Jeffrey Mark Siskind is working on a highly optimizing compiler to translate Scheme to C. It could possibly be re-targeted to emit Java byte-codes. However, it is written for for a "closed-world assumption" with global analysis of the whole program. There is as yet no support for separate compilation of independent modules, though that is supposedly planned. In any case, if highly-optimized Scheme code is important, there are probably ideas (and code) we can use in Stalin. Also, William Clinger has expressed plans to re-target his Twobit optimizing compiler to emit Java byte-codes, and he believes it should be easy to do.
#f
are compiled into
references to static members of standard classes
(such as Boolean.FALSE
).
eval
, load
, and a
read
-eval
-print
loop
can be done in various ways.
If the bytecode interpreter is inside a Scheme interpreter, then
the latter presumably already has eval
. We can use that.
We would need gateways between the different interpreters, so
different kinds of functions can call each other. To do that,
the calling convention for Java methods should be based on the
already existing Scheme calling convention.
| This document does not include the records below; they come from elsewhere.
(* Let $J\in\{1,\dots,N-1\}$ be the index with $\lambda_J\le\lambda_{\rm avg}<\lambda_{J+1}$. Let $K\in\{1,\dots,J\}$ and let $h$ be a graph filter with $h(\lambda_n)\ne 0$ for $n=1,\dots,K$, and define $$\eta_K=\frac{\max\{|h(\lambda_{K+1})|,\dots,|h(\lambda_N)|\}}{\min\{|h(\lambda_1)|,\dots,|h(\lambda_K)|\}} .$$ If $$\eta_K^2<\frac{\sum_{n=1}^K(\lambda_n-\lambda_{\rm avg})}{\sum_{n=1}^J(\lambda_n-\lambda_{\rm avg})},$$ then $h$ is a smooth graph filter, i.e. $r(h)<1$. (In particular, for $K=J$, every graph filter with $\eta_J<1$ is smooth.)
   Context: Let $\mathcal G$ be an undirected, weighted, connected graph on $N\ge 2$ nodes with symmetric weighted adjacency matrix $W\in\mathbb R^{N\times N}$, $W_{k,n}\ge 0$. Its Laplacian is $L=\mathrm{diag}(W\mathbf 1)-W$, with eigendecomposition $L=V\,\mathrm{diag}(\lambda_1,\dots,\lambda_N)\,V^T$, $V$ orthogonal, and eigenvalues ordered $0=\lambda_1\le\lambda_2\le\cdots\le\lambda_N$ (connectedness gives $\lambda_2>0$). Put $\lambda_{\rm avg}=\frac1N\sum_{n=1}^N\lambda_n$. A graph filter is a real function $h$ on the eigenvalues, satisfying $h(\lambda_m)=h(\lambda_k)$ whenever $\lambda_m=\lambda_k$, acting as the matrix $h(L)=V\,\mathrm{diag}(h(\lambda_1),\dots,h(\lambda_N))\,V^T$. For a graph filter with $h(\lambda_n)$ not all zero, its smoothness ratio is $r(h)=\lambda_{\rm avg}^{-1}\sum_n\lambda_n h^2(\lambda_n)/\sum_n h^2(\lambda_n)$, and $h$ is called a smooth graph filter if $r(h)<1$. A graph filter with $\eta_K<1$ is called a graph low-pass filter of order $K$. *)

From HB Require Import structures.
From mathcomp Require Import all_boot all_order all_algebra.
Set Implicit Arguments. Unset Strict Implicit. Unset Printing Implicit Defensive.
Import Order.TTheory GRing.Theory Num.Theory.
Local Open Scope ring_scope.

(* Eigenvalues are indexed 1-based: lam n for n = 1..N. *)

Definition laplacian (R : realFieldType) (N : nat) (W : 'M[R]_N) : 'M[R]_N :=
  diag_mx (\row_k (\sum_n W k n)) - W.

Definition graph_connected (R : realFieldType) (N : nat) (W : 'M[R]_N) : Prop :=
  forall i j : 'I_N, connect (fun a b : 'I_N => 0 < W a b) i j.

Definition lam_avg (R : realFieldType) (N : nat) (lam : nat -> R) : R :=
  (\sum_(1 <= n < N.+1) lam n) / N%:R.

Definition smooth_ratio (R : realFieldType) (N : nat) (lam : nat -> R)
  (h : R -> R) : R :=
  (lam_avg N lam)^-1 *
  ((\sum_(1 <= n < N.+1) lam n * (h (lam n)) ^+ 2) /
   (\sum_(1 <= n < N.+1) (h (lam n)) ^+ 2)).

Definition smooth_filter (R : realFieldType) (N : nat) (lam : nat -> R)
  (h : R -> R) : Prop :=
  (exists n, (1 <= n <= N)%N /\ h (lam n) != 0) /\ smooth_ratio N lam h < 1.

Definition eta_K (R : realFieldType) (N K : nat) (lam : nat -> R) (h : R -> R) : R :=
  (\big[Num.max/0]_(K.+1 <= n < N.+1) `|h (lam n)|) /
  (\big[Num.min/ `|h (lam 1%N)|]_(1 <= n < K.+1) `|h (lam n)|).

From HB Require Import structures.
From mathcomp Require Import all_boot all_order all_algebra.
From mathcomp Require Import zify.
Set Implicit Arguments. Unset Strict Implicit. Unset Printing Implicit Defensive.
Import Order.TTheory GRing.Theory Num.Theory.
Local Open Scope ring_scope.

(* Write a for lambda_avg, d_n = lambda_n - a for the
   centred spectrum and w_n = h(lambda_n)^2 for the energy of h.  For a >= 0
   and a filter that is not identically zero, r(h) < 1 follows from the
   negativity of the centred energy  sum_n d_n w_n, and a >= 0 holds because
   N a = tr L = sum of the (nonnegative) degrees, L being orthogonally similar
   to diag(lambda).  The centred deviations vanish in sum, are <= 0 up to J and
   >= 0 after J.  Bounding w_n below by min_{n<=K} |h|^2 on the pass band
   1..K, and above by max_{n>K} |h|^2 = eta_K^2 min |h|^2 beyond K, gives
     sum_n d_n w_n <= m^2 (sum_{n<=K} d_n) - M^2 (sum_{n<=J} d_n),
   which is negative exactly under the hypothesis on eta_K. *)

Lemma mxtrace_orthogonal_conj (R : comPzRingType) (N : nat) (V D : 'M[R]_N) :
  V *m V^T = 1%:M -> \tr (V *m D *m V^T) = \tr D.
Proof. by move=> VVT; rewrite mxtrace_mulC mulmxA (mulmx1C VVT) mul1mx. Qed.

(* The diagonal of a Laplacian with nonnegative weights holds the degrees
   minus self-loops, hence its trace is nonnegative. *)
Lemma laplacian_trace_ge0 (R : realFieldType) (N : nat) (W : 'M[R]_N) :
  (forall k n : 'I_N, 0 <= W k n) -> 0 <= \tr (laplacian W).
Proof.
move=> W_ge0; apply: sumr_ge0 => i _.
rewrite !mxE eqxx mulr1n subr_ge0 (bigD1 i) //= lerDl.
by apply: sumr_ge0 => j _.
Qed.

Lemma lam_avg_ge0 (R : realFieldType) (N : nat) (W V : 'M[R]_N)
    (lam : nat -> R) :
  (forall k n : 'I_N, 0 <= W k n) -> V *m V^T = 1%:M ->
  laplacian W = V *m diag_mx (\row_(i < N) lam i.+1) *m V^T ->
  0 <= lam_avg N lam.
Proof.
move=> W_ge0 VVT L_spec.
have trL : \tr (laplacian W) = \sum_(1 <= n < N.+1) lam n.
  rewrite L_spec mxtrace_orthogonal_conj // mxtrace_diag big_add1 big_mkord.
  by apply: eq_bigr => i _; rewrite mxE.
by rewrite /lam_avg -trL divr_ge0 ?ler0n ?laplacian_trace_ge0.
Qed.

Lemma centred_sum_eq0 (R : realFieldType) (N : nat) (lam : nat -> R) :
  (0 < N)%N -> \sum_(1 <= n < N.+1) (lam n - lam_avg N lam) = 0.
Proof.
move=> N_gt0; rewrite sumrB sumr_const_nat subSS subn0 /lam_avg.
by rewrite -[X in _ - X]mulr_natr mulfVK ?subrr // pnatr_eq0 -lt0n.
Qed.

Lemma smooth_ratio_lt1 (R : realFieldType) (N : nat) (lam : nat -> R)
    (h : R -> R) :
  0 <= lam_avg N lam -> 0 < \sum_(1 <= n < N.+1) h (lam n) ^+ 2 ->
  \sum_(1 <= n < N.+1) (lam n - lam_avg N lam) * h (lam n) ^+ 2 < 0 ->
  smooth_ratio N lam h < 1.
Proof.
rewrite /smooth_ratio le0r => /orP[/eqP -> _ _|a_gt0 E_gt0 centred_lt0].
  by rewrite invr0 mul0r ltr01.
rewrite mulrC ltr_pdivrMr // mul1r ltr_pdivrMr // -subr_lt0 mulr_sumr -sumrB.
by under eq_bigr => n _ do rewrite -mulrBl.
Qed.

Lemma bigmax_ge_nat (R : realFieldType) (F : nat -> R) m n i :
  (m <= i < n)%N -> F i <= \big[Num.max/0]_(m <= j < n) F j.
Proof.
move=> /andP[mi iN]; apply: le_trans (le_bigmax_nat xpredT F mi iN).
by rewrite big_nat1_id le_max lexx.
Qed.

Lemma bigmin_le_nat (R : realFieldType) (F : nat -> R) x m n i :
  (m <= i < n)%N -> \big[Num.min/x]_(m <= j < n) F j <= F i.
Proof.
move=> /andP[mi iN]; apply: le_trans (le_bigmin_nat (x0:=x) xpredT F mi iN) _.
by rewrite big_nat1_id ge_min lexx.
Qed.

Lemma bigmin_gt0_nat (R : realFieldType) (F : nat -> R) x m n :
  0 < x -> (forall i, (m <= i < n)%N -> 0 < F i) ->
  0 < \big[Num.min/x]_(m <= j < n) F j.
Proof.
move=> x_gt0 F_gt0; rewrite big_nat_cond.
apply: (big_ind (fun y => 0 < y)) => // [y z y0 z0|i /andP[i_range _]].
  by rewrite lt_min y0 z0.
exact: F_gt0.
Qed.

(* The combinatorial energy estimate.  d plays the centred spectrum and w the
   energy of the filter; m2 / M2 bound w on the pass / stop band. *)
Section CentredEnergy.
Variables (R : realFieldType) (N J K : nat) (d w : nat -> R) (m2 M2 : R).
Hypotheses (K_ge1 : (1 <= K)%N) (K_leJ : (K <= J)%N) (J_ltN : (J < N)%N).
Hypothesis d_low : forall n, (1 <= n <= J)%N -> d n <= 0.
Hypothesis d_high : forall n, (J < n <= N)%N -> 0 <= d n.
Hypothesis d_sum0 : \sum_(1 <= n < N.+1) d n = 0.
Hypothesis w_pass : forall n, (1 <= n <= K)%N -> m2 <= w n.
Hypothesis w_stop : forall n, (K < n <= N)%N -> 0 <= w n <= M2.

(* Up to J the weights d are nonpositive, so only the pass band counts,
   where w is at least m2. *)
Lemma low_energy_le :
  \sum_(1 <= n < J.+1) d n * w n <= (\sum_(1 <= n < K.+1) d n) * m2.
Proof.
rewrite (@big_cat_nat _ _ _ K.+1) //= ?ltnS // -[X in _ <= X]addr0 lerD //.
  rewrite mulr_suml; apply: ler_sum_nat => n /andP[n_ge1 n_leK].
  by apply: ler_wnM2l; [apply: d_low | apply: w_pass]; lia.
rewrite big_nat_cond; apply: sumr_le0 => n /andP[/andP[n_gtK n_leJ] _].
have /andP[w_ge0 _] : 0 <= w n <= M2 by apply: w_stop; lia.
by rewrite mulr_le0_ge0 //; apply: d_low; lia.
Qed.

(* Beyond J the weights are nonnegative and w is at most M2; their total is
   minus the total up to J. *)
Lemma high_energy_le :
  \sum_(J.+1 <= n < N.+1) d n * w n <= - (\sum_(1 <= n < J.+1) d n) * M2.
Proof.
have -> : - \sum_(1 <= n < J.+1) d n = \sum_(J.+1 <= n < N.+1) d n.
  apply/eqP; rewrite eq_sym -subr_eq0 opprK addrC -big_cat_nat ?d_sum0 //.
  by rewrite ltnW.
rewrite mulr_suml; apply: ler_sum_nat => n /andP[n_gtJ n_leN].
have /andP[_ w_le] : 0 <= w n <= M2 by apply: w_stop; lia.
by rewrite ler_wpM2l ?d_high ?n_gtJ.
Qed.

Lemma centred_energy_lt0 :
  0 < m2 -> 0 <= M2 ->
  M2 / m2 < (\sum_(1 <= n < K.+1) d n) / (\sum_(1 <= n < J.+1) d n) ->
  \sum_(1 <= n < N.+1) d n * w n < 0.
Proof.
move=> m2_gt0 M2_ge0 contrast.
rewrite (@big_cat_nat _ _ _ J.+1) //=; last exact: ltnW.
apply: le_lt_trans (lerD low_energy_le high_energy_le) _.
set Q := \sum_(1 <= n < K.+1) d n in contrast *.
set S := \sum_(1 <= n < J.+1) d n in contrast *.
have S_le0 : S <= 0.
  rewrite /S big_nat_cond; apply: sumr_le0 => n /andP[n_low _].
  exact: d_low.
have S_lt0 : S < 0.
  rewrite lt_neqAle S_le0 andbT; apply: contraTneq contrast => ->.
  by rewrite invr0 mulr0 -leNgt divr_ge0 // ltW.
move: contrast; rewrite ltr_ndivlMr // mulrAC ltr_pdivlMr // mulNr.
by rewrite subr_lt0 (mulrC M2).
Qed.

End CentredEnergy.

Definition pass_min (R : realFieldType) (K : nat) (lam : nat -> R)
    (h : R -> R) : R :=
  \big[Num.min/ `|h (lam 1%N)|]_(1 <= n < K.+1) `|h (lam n)|.

Definition stop_max (R : realFieldType) (N K : nat) (lam : nat -> R)
    (h : R -> R) : R :=
  \big[Num.max/0]_(K.+1 <= n < N.+1) `|h (lam n)|.

Section FilterBands.
Variables (R : realFieldType) (N K : nat) (lam : nat -> R) (h : R -> R).
Hypothesis K_ge1 : (1 <= K)%N.
Hypothesis h_pass_neq0 : forall n : nat, (1 <= n <= K)%N -> h (lam n) != 0.

Lemma eta_K_sqr :
  eta_K N K lam h ^+ 2 = stop_max N K lam h ^+ 2 / pass_min K lam h ^+ 2.
Proof. exact: expr_div_n. Qed.

Lemma pass_min_gt0 : 0 < pass_min K lam h.
Proof.
apply: bigmin_gt0_nat => [|n /andP[n_ge1 n_leK]].
  by rewrite normr_gt0 h_pass_neq0 // leqnn K_ge1.
by rewrite normr_gt0 h_pass_neq0 // n_ge1.
Qed.

Lemma pass_energy_ge n :
  (1 <= n <= K)%N -> pass_min K lam h ^+ 2 <= h (lam n) ^+ 2.
Proof.
move=> n_pass.
have min_le :=
  @bigmin_le_nat _ (fun n => `|h (lam n)|) `|h (lam 1%N)| 1 K.+1 n n_pass.
rewrite -[h (lam n) ^+ 2](real_normK (num_real _)) ler_sqr ?nnegrE //.
exact: ltW pass_min_gt0.
Qed.

Lemma stop_energy_le n :
  (K < n <= N)%N -> 0 <= h (lam n) ^+ 2 <= stop_max N K lam h ^+ 2.
Proof.
move=> n_stop.
have n_le := @bigmax_ge_nat _ (fun n => `|h (lam n)|) K.+1 N.+1 n n_stop.
rewrite sqr_ge0 -[h (lam n) ^+ 2](real_normK (num_real _)) ler_sqr ?nnegrE //.
exact: le_trans n_le.
Qed.

End FilterBands.

Theorem claim1 (R : realFieldType) (N : nat) (W V : 'M[R]_N) (lam : nat -> R)
  (h : R -> R) (J K : nat) :
  (2 <= N)%N ->
  W^T = W ->
  (forall k n : 'I_N, 0 <= W k n) ->
  graph_connected W ->
  V *m V^T = 1%:M ->
  laplacian W = V *m diag_mx (\row_(i < N) lam i.+1) *m V^T ->
  (forall m n : nat, (1 <= m)%N -> (m <= n)%N -> (n <= N)%N -> lam m <= lam n) ->
  (1 <= J <= N.-1)%N ->
  lam J <= lam_avg N lam < lam J.+1 ->
  (1 <= K <= J)%N ->
  (forall n : nat, (1 <= n <= K)%N -> h (lam n) != 0) ->
  (eta_K N K lam h) ^+ 2 <
    (\sum_(1 <= n < K.+1) (lam n - lam_avg N lam)) /
    (\sum_(1 <= n < J.+1) (lam n - lam_avg N lam)) ->
  smooth_filter N lam h.
Proof.
move=> N_ge2 _ W_ge0 _ VVT L_spec lam_mono /andP[J_ge1 J_le] /andP[lamJ_le lamJ1_gt]
  /andP[K_ge1 K_leJ] h_pass_neq0 eta_bound.
have J_ltN : (J < N)%N by lia.
have h1_neq0 : h (lam 1%N) != 0 by rewrite h_pass_neq0 // leqnn K_ge1.
split; first by exists 1%N; split; first by lia.
have energy_gt0 : 0 < \sum_(1 <= n < N.+1) h (lam n) ^+ 2.
  rewrite big_ltn ?ltnS ?(leq_trans _ N_ge2) // ltr_pwDl ?exprn_even_gt0 //.
  by apply: sumr_ge0 => n _; apply: sqr_ge0.
have dev_low n : (1 <= n <= J)%N -> lam n - lam_avg N lam <= 0.
  by move=> n_low; rewrite subr_le0 (le_trans _ lamJ_le) //; apply: lam_mono; lia.
have dev_high n : (J < n <= N)%N -> 0 <= lam n - lam_avg N lam.
  move=> n_high; rewrite subr_ge0 ltW // (lt_le_trans lamJ1_gt) //.
  by apply: lam_mono; lia.
apply: smooth_ratio_lt1 (lam_avg_ge0 W_ge0 VVT L_spec) energy_gt0 _.
apply: (centred_energy_lt0 K_ge1 K_leJ J_ltN dev_low dev_high)
  (pass_energy_ge K_ge1 h_pass_neq0) (stop_energy_le lam h) _ (sqr_ge0 _) _.
- by apply: centred_sum_eq0; lia.
- exact: exprn_gt0 (pass_min_gt0 K_ge1 h_pass_neq0).
- by rewrite -eta_K_sqr.
Qed.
Even if we do
a Scheme-in-Java system from scratch, it is not very difficult
to write a simple interpreter for eval
.
Alternatively, we can use bytecode for interpreted code too:
Code that needs to be evaluated is compiled to bytecodes,
and then immediately loaded and executed. Java provides a
methods to load a class from a bytearray in memory, so it is
not necessary to write out a temporary file. One problem is that
Sun's current Java release does not garbage collect classes,
so code that results from eval
is never freed.
This should seldom be a problem,
except possibly in a long-running interactive session,
since well-written Scheme code seldom uses eval
.
The problem can be reduced if we only byte-compile function
definitions, but immediately evaluate other top-level expressions.
And of course one can use a Java interpreter that does
garbage collect classes.
The bytecode-based
RScheme
system implements eval
by compiling and immediately executing
bytecodes. It has support for multiple bytecode interpreters, and has
immediate ("raw" or "unboxed") numbers, so it would probably be a strong
candidate for a combined Scheme/Java system.
Finally, it does not take much code to write a simple Scheme interpreter, This can be byte compiled, and linked in with the rest of the system. This makes most sense in a Scheme system that emphasises large applications, and uses a compiler that does global optimization, such as Stalin.